Comparison with Baselines:
- ODYSSEY consistently outperformed baselines like Base w/ Table & Text and Base w/ Summarized Text across all metrics (EM, F1, Precision, Recall).
- It also outperformed fine-tuned models on OTT-QA and achieved comparable results on Hybrid-QA, despite operating in a zero-shot setting.
Ablation Studies
1. Hop-wise Retrieval: Passing all pruned information at once (instead of hop-wise) resulted in a slight performance drop and increased token usage.
2. Pruned Graph: Using the entire Hybrid Graph (without pruning) led to lower accuracy and higher token costs, highlighting the importance of pruning for efficiency.
Error Analysis
The system’s errors were categorized into:
1. Formatting Errors: Differences in answer formatting (e.g., "Regis Philbin" vs. "Regis Philbin,") affected EM scores.
2. Semantic Module Errors: Issues in entity matching, extraction, and header mapping.
3. LLM Errors: The LLM occasionally failed to provide correct answers despite having the necessary context.

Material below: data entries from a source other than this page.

(* Let $f,g:\mathbb{R}\to\mathbb{R}$ be $\mathcal{C}^2$ functions such that $f''(u)\ge c_0$ and $g''(u)\ge c_0$ for some $c_0>0$ and all $u\in\mathbb{R}$, and $f(u)>g(u)$ for all $u\in\mathbb{R}$. Let $u^->u^+$ and $\theta^-,\theta^+\in\{0,1\}$ with $\theta^-\neq\theta^+$, and let $$\lambda=\frac{[\theta^+f(u^+)+(1-\theta^+)g(u^+)]-[\theta^-f(u^-)+(1-\theta^-)g(u^-)]}{u^+-u^-}.$$ Then the jump satisfies the Lax admissibility conditions $$\theta^+f'(u^+)+(1-\theta^+)g'(u^+)\;\le\;\lambda\;\le\;\theta^-f'(u^-)+(1-\theta^-)g'(u^-)$$ in each of the following two cases: (1) $\theta^-=1$, $\theta^+=0$ and $u^-\ge u^*$, where $(u^*,f(u^* ))$ is the unique point with $u^*>u^+$ at which a straight line through $(u^+,g(u^+))$ touches the graph of $f$ tangentially; (2) $\theta^-=0$, $\theta^+=1$ and $u^+\le v^*$, where $(v^*,f(v^* ))$ is the unique point with $v^*<u^-$ at which a straight line through $(u^-,g(u^-))$ touches the graph of $f$ tangentially.
   Context: This concerns jumps of weak solutions of the conservation law $u_t+[\theta(u_x)f(u)+(1-\theta(u_x))g(u)]_x=0$, where $\theta(s)=1$ for $s>0$ and $\theta(s)=0$ for $s<0$. A jump connects a left state $(u^-,\theta^-)$ to a right state $(u^+,\theta^+)$, traveling with the Rankine–Hugoniot speed $\lambda$ given in the claim. *)

From Stdlib Require Import Reals.
Open Scope R_scope.

Definition C2_with (f f1 f2 : R -> R) : Prop :=
  (forall x, derivable_pt_lim f x (f1 x)) /\
  (forall x, derivable_pt_lim f1 x (f2 x)) /\
  (forall x, continuity_pt f2 x).

Definition flux (th : R) (f g : R -> R) (u : R) : R :=
  th * f u + (1 - th) * g u.

(* The straight line through (a, b) touches the graph of f (with derivative f1)
   tangentially at the point (p, f p): the tangent line of f at p passes
   through (a, b). *)
Definition tangent_through (f f1 : R -> R) (a b p : R) : Prop :=
  b = f p + f1 p * (a - p).

(** For a convex f, the value at u of the tangent line of f at p,
    f p + f' p (u - p), has derivative f'' p (u - p) in p, so it decreases as
    p moves away from u.  In case (1) it equals g(u+) at p = u* when u = u+,
    so the tangent of f at u- >= u* passes below (u+, g(u+)), which is
    lambda <= f'(u-); case (2) is symmetric.  The remaining inequality comes
    from g lying above its tangent at one end of the jump and below f at the
    other. *)

From Stdlib Require Import Reals Lra Psatz.
Open Scope R_scope.

Lemma flux0 (f g : R -> R) (u : R) : flux 0 f g u = g u.
Proof. unfold flux; ring. Qed.

Lemma flux1 (f g : R -> R) (u : R) : flux 1 f g u = f u.
Proof. unfold flux; ring. Qed.

Lemma le_of_derivative_nonneg (F F' : R -> R) (a b : R) :
  a <= b ->
  (forall c, a <= c <= b -> derivable_pt_lim F c (F' c)) ->
  (forall c, a <= c <= b -> 0 <= F' c) ->
  F a <= F b.
Proof.
  intros Hab HF HF'.
  destruct (Req_dec a b) as [<- | Hne]; [lra |].
  destruct (MVT_cor2 F F' a b) as [c [Hdiff Hc]]; [lra | intros; apply HF; lra |].
  assert (0 <= F' c) by (apply HF'; lra).
  nra.
Qed.

Definition tangent_value (F F1 : R -> R) (p x : R) : R := F p + F1 p * (x - p).

Section TangentLines.

Variables F F1 F2 : R -> R.
Hypothesis HF : forall x, derivable_pt_lim F x (F1 x).
Hypothesis HF1 : forall x, derivable_pt_lim F1 x (F2 x).
Hypothesis HF2 : forall x, 0 <= F2 x.

Lemma derivable_pt_lim_tangent_value (x p : R) :
  derivable_pt_lim (fun q => tangent_value F F1 q x) p (F2 p * (x - p)).
Proof.
  unfold tangent_value.
  replace (F2 p * (x - p)) with (F1 p + (F2 p * (x - p) + F1 p * (0 - 1))) by ring.
  apply derivable_pt_lim_plus; [apply HF |].
  apply (derivable_pt_lim_mult F1 (fun q => x - q)); [apply HF1 |].
  apply (derivable_pt_lim_minus (fun _ => x) id).
  - apply derivable_pt_lim_const.
  - apply derivable_pt_lim_id.
Qed.

Lemma tangent_value_le_left (x p q : R) :
  p <= q <= x -> tangent_value F F1 p x <= tangent_value F F1 q x.
Proof.
  intros Hpqx.
  apply (le_of_derivative_nonneg (fun r => tangent_value F F1 r x)
           (fun r => F2 r * (x - r))); [lra | |].
  - intros c _; apply derivable_pt_lim_tangent_value.
  - intros c Hc; specialize (HF2 c); nra.
Qed.

Lemma tangent_value_ge_right (x p q : R) :
  x <= p <= q -> tangent_value F F1 q x <= tangent_value F F1 p x.
Proof.
  intros Hxpq.
  enough (- tangent_value F F1 p x <= - tangent_value F F1 q x) by lra.
  apply (le_of_derivative_nonneg (fun r => - tangent_value F F1 r x)
           (fun r => - (F2 r * (x - r)))); [lra | |].
  - intros c _.
    apply (derivable_pt_lim_opp (fun r => tangent_value F F1 r x)).
    apply derivable_pt_lim_tangent_value.
  - intros c Hc; specialize (HF2 c); nra.
Qed.

Lemma tangent_value_le_graph (p x : R) : tangent_value F F1 p x <= F x.
Proof.
  replace (F x) with (tangent_value F F1 x x) by (unfold tangent_value; ring).
  destruct (Rle_dec p x).
  - apply tangent_value_le_left; lra.
  - apply tangent_value_ge_right; lra.
Qed.

End TangentLines.

Section LaxJumps.

Variables f f1 f2 g g1 g2 : R -> R.
Hypothesis Hf : forall x, derivable_pt_lim f x (f1 x).
Hypothesis Hf1 : forall x, derivable_pt_lim f1 x (f2 x).
Hypothesis Hf2 : forall x, 0 <= f2 x.
Hypothesis Hg : forall x, derivable_pt_lim g x (g1 x).
Hypothesis Hg1 : forall x, derivable_pt_lim g1 x (g2 x).
Hypothesis Hg2 : forall x, 0 <= g2 x.
Hypothesis Hgf : forall u, g u <= f u.

Lemma lax_jump_f_to_g (up um us : R) :
  up < us -> us <= um -> tangent_through f f1 up (g up) us ->
  g1 up <= (g up - f um) / (up - um) <= f1 um.
Proof.
  intros Hus Husm Htan; unfold tangent_through in Htan.
  set (lam := (g up - f um) / (up - um)).
  assert (Hlam : lam * (um - up) = f um - g up) by (unfold lam; field; lra).
  assert (Hg_above := tangent_value_le_graph g g1 g2 Hg Hg1 Hg2 up um).
  assert (Hf_tangent := tangent_value_ge_right f f1 f2 Hf Hf1 Hf2 up us um).
  assert (Hgf_um := Hgf um).
  unfold tangent_value in *.
  split; nra.
Qed.

Lemma lax_jump_g_to_f (up um vs : R) :
  up <= vs -> vs < um -> tangent_through f f1 um (g um) vs ->
  f1 up <= (f up - g um) / (up - um) <= g1 um.
Proof.
  intros Hvs Hvsm Htan; unfold tangent_through in Htan.
  set (lam := (f up - g um) / (up - um)).
  assert (Hlam : lam * (um - up) = g um - f up) by (unfold lam; field; lra).
  assert (Hg_above := tangent_value_le_graph g g1 g2 Hg Hg1 Hg2 um up).
  assert (Hf_tangent := tangent_value_le_left f f1 f2 Hf Hf1 Hf2 um up vs).
  assert (Hgf_up := Hgf up).
  unfold tangent_value in *.
  split; nra.
Qed.

End LaxJumps.

Theorem lemma2p2 :
  forall (f f1 f2 g g1 g2 : R -> R) (c0 : R),
    C2_with f f1 f2 -> C2_with g g1 g2 ->
    0 < c0 ->
    (forall u, c0 <= f2 u) -> (forall u, c0 <= g2 u) ->
    (forall u, g u < f u) ->
    forall (um up thm thp : R),
      up < um ->
      (thm = 0 \/ thm = 1) -> (thp = 0 \/ thp = 1) -> thm <> thp ->
      let lam := (flux thp f g up - flux thm f g um) / (up - um) in
      (* case (1) *)
      (thm = 1 -> thp = 0 ->
        forall us, up < us -> tangent_through f f1 up (g up) us ->
        us <= um ->
        flux thp f1 g1 up <= lam <= flux thm f1 g1 um) /\
      (* case (2) *)
      (thm = 0 -> thp = 1 ->
        forall vs, vs < um -> tangent_through f f1 um (g um) vs ->
        up <= vs ->
        flux thp f1 g1 up <= lam <= flux thm f1 g1 um).
Proof.
  intros f f1 f2 g g1 g2 c0 [Hf [Hf1 _]] [Hg [Hg1 _]] Hc0 Hfc Hgc Hgf
    um up thm thp Hup _ _ _ lam.
  assert (Hf2 : forall x, 0 <= f2 x) by (intro x; specialize (Hfc x); lra).
  assert (Hg2 : forall x, 0 <= g2 x) by (intro x; specialize (Hgc x); lra).
  assert (Hgf' : forall u, g u <= f u) by (intro u; apply Rlt_le, Hgf).
  unfold lam; split; intros -> ->; rewrite !flux0, !flux1.
  - intros us Hus Htan Husm.
    exact (lax_jump_f_to_g f f1 f2 g g1 g2 Hf Hf1 Hf2 Hg Hg1 Hg2 Hgf' up um us
             Hus Husm Htan).
  - intros vs Hvs Htan Hvsu.
    exact (lax_jump_g_to_f f f1 f2 g g1 g2 Hf Hf1 Hf2 Hg Hg1 Hg2 Hgf' up um vs
             Hvsu Hvs Htan).
Qed.
(* Let $Q$ be a deterministic query in $\mathcal{L}^{\mathrm{query}}$. Then $\mathcal{R}^{\mathrm{query}}_{\Sigma,\mathcal{D}}(Q)$ is confluent; in particular, for every ground multiset of facts $F$ there is a unique multiset of facts $F'$ such that $\mathrm{Init}_Q(F)\rightarrow^!\mathrm{Ans}(F')$.
   Context: Setting: $\Sigma$ is a signature of facts containing sorts $\mathsf{Fact}$ and $\mathsf{Bool}$, and $\mathcal{D}$ is a $\Sigma$-algebra of facts. Databases are finite multisets of facts (associative-commutative $\circ$ with identity $\emptyset$). Patterns are multisets of facts wrapped by modalities $[\_]_!$ (kept) and $[\_]_?$ (considered at most once per quantifier evaluation, not removed) (plus $[\_]_0$ and fresh-fact modalities not used in queries). Conditions are built from $\mathsf{False}$, $\{B\}$, negation, disjunction and $\exists P.\psi$. Queries of $\mathcal{L}^{\mathrm{query}}$ are built from $\emptyset$, facts, union $Q\oplus Q'$, conditionals $\phi\Rightarrow Q$ and iteration $\mathrm{from}\ P.Q$, where quantification patterns use only $[\_]_!$ and $[\_]_?$ and contain at least one $[\_]_?$ fact. $\mathcal{R}^{\mathrm{query}}_{\Sigma,\mathcal{D}}(Q)$ is the terminating rewriting system evaluating $Q$: it rewrites $\mathrm{Init}_Q(F)=\{F,\emptyset,[\,]_Q\}^q$ (database, partial answer, stack of evaluation frames) to normal forms $\mathrm{Ans}(F')$ whose argument is a query answer; $\mathrm{from}\ P.R$ is evaluated by repeatedly (non-deterministically) matching the pattern facts against an iterator state, removing matched $[\_]_?$ facts, evaluating $R$ under the matching substitution and adding its results. A fully reduced term $t:\mathsf{Fact}$ has the unique matching property if for every ground fully reduced $t':\mathsf{Fact}$ there is at most one substitution $\sigma$ with $\sigma(t)=_A t'$ (equality modulo equational attributes). A query is deterministic if all quantification patterns in it (including those inside its conditions) contain only single facts having the unique matching property. *)

From Stdlib Require Import List Permutation Relations.
Import ListNotations.
Set Implicit Arguments.

(* The ambient setting: Sigma-terms modulo the equational attributes A      *)
(* (Leibniz equality on [Tm] IS equality modulo A), with variables,         *)
(* substitution and the full reduction [red] of the algebra of facts D.     *)
Record FactSetting := {
  Var : Type;
  Tm : Type;
  tvar : Var -> Tm;
  subst : (Var -> Tm) -> Tm -> Tm;
  occurs : Var -> Tm -> Prop;
  isFact : Tm -> Prop;
  red : Tm -> Tm;
  ttrue : Tm;
  subst_var : forall s x, subst s (tvar x) = s x;
  occurs_var : forall x y, occurs y (tvar x) <-> y = x;
  subst_comp : forall s s' t,
      subst s (subst s' t) = subst (fun x => subst s (s' x)) t;
  subst_ext : forall s s' t,
      (forall x, occurs x t -> s x = s' x) -> subst s t = subst s' t;
  occurs_subst : forall s t y,
      occurs y (subst s t) <-> exists x, occurs x t /\ occurs y (s x);
  red_idem : forall t, red (red t) = red t
}.

Arguments tvar {f} x.
Arguments subst {f} s t.
Arguments occurs {f} x t.
Arguments isFact {f} t.
Arguments red {f} t.
Arguments ttrue {f}.

Section Queries.
Context {S : FactSetting}.

Notation Tm := (Tm S).
Notation Var := (Var S).

Definition ground (t : Tm) : Prop := forall x, ~ occurs x t.
Definition fully_reduced (t : Tm) : Prop := red t = t.

(* Databases / answers: finite multisets of facts, as lists up to Permutation *)
Definition db := list Tm.

(* Modalities usable in query patterns: [_]_! (keep) and [_]_? (once). *)
Inductive modality := MKeep | MOnce.
Definition pattern := list (modality * Tm).

Inductive query :=
| QEmpty
| QFact (t : Tm)
| QUnion (q1 q2 : query)
| QIf (c : cond) (q : query)
| QFrom (P : pattern) (r : query)
with cond :=
| CFalse
| CBool (b : Tm)
| CNot (c : cond)
| COr (c1 c2 : cond)
| CEx (P : pattern) (c : cond).

Definition substP (s : Var -> Tm) (P : pattern) : pattern :=
  map (fun p => (fst p, subst s (snd p))) P.

Fixpoint substQ (s : Var -> Tm) (q : query) : query :=
  match q with
  | QEmpty => QEmpty
  | QFact t => QFact (subst s t)
  | QUnion q1 q2 => QUnion (substQ s q1) (substQ s q2)
  | QIf c q => QIf (substC s c) (substQ s q)
  | QFrom P r => QFrom (substP s P) (substQ s r)
  end
with substC (s : Var -> Tm) (c : cond) : cond :=
  match c with
  | CFalse => CFalse
  | CBool b => CBool (subst s b)
  | CNot c => CNot (substC s c)
  | COr c1 c2 => COr (substC s c1) (substC s c2)
  | CEx P c => CEx (substP s P) (substC s c)
  end.

Definition qpat_ok (P : pattern) : Prop := exists t, In (MOnce, t) P.

Fixpoint in_Lquery (q : query) : Prop :=
  match q with
  | QEmpty | QFact _ => True
  | QUnion q1 q2 => in_Lquery q1 /\ in_Lquery q2
  | QIf c q => in_Lcond c /\ in_Lquery q
  | QFrom P r => qpat_ok P /\ in_Lquery r
  end
with in_Lcond (c : cond) : Prop :=
  match c with
  | CFalse | CBool _ => True
  | CNot c => in_Lcond c
  | COr c1 c2 => in_Lcond c1 /\ in_Lcond c2
  | CEx P c => qpat_ok P /\ in_Lcond c
  end.

Definition unique_matching (t : Tm) : Prop :=
  isFact t /\ fully_reduced t /\
  forall t', ground t' -> fully_reduced t' -> isFact t' ->
  forall s1 s2 : Var -> Tm, subst s1 t = t' -> subst s2 t = t' ->
  forall x, occurs x t -> s1 x = s2 x.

4. Dataset Issues: Ambiguous questions or anomalies in the dataset.
Conclusion
ODYSSEY introduces a zero-shot, fine-tuning-free approach for Table-Text QA, leveraging a Hybrid Graph to efficiently navigate multi-hop reasoning across structured and unstructured data. The system achieves state-of-the-art performance while significantly reducing token usage, making it a scalable solution for real-world applications. Future work could explore extending the approach to multi-modal datasets (e.g., images, videos) and improving entity-matching capabilities.
Limitations
1. Processing Time: The system incurs slightly more processing time than zero-shot baselines due to additional LLM calls and graph traversal.
2. Dependence on LLM Capabilities: Performance is tied to the capabilities of the underlying LLM, which may evolve over time.
3. Scope: The current implementation is limited to Table-Text data, but the approach could be extended to other multi-modal datasets.
Key Takeaways
- Efficiency: ODYSSEY reduces token usage by up to 53%, making it cost-effective for large-scale QA tasks.
- Performance: It achieves SoTA results on Hybrid-QA and OTT-QA, outperforming fine-tuned models in some cases.
- Scalability: The zero-shot, fine-tuning-free approach makes it adaptable to various domains without the need for expensive labeled data.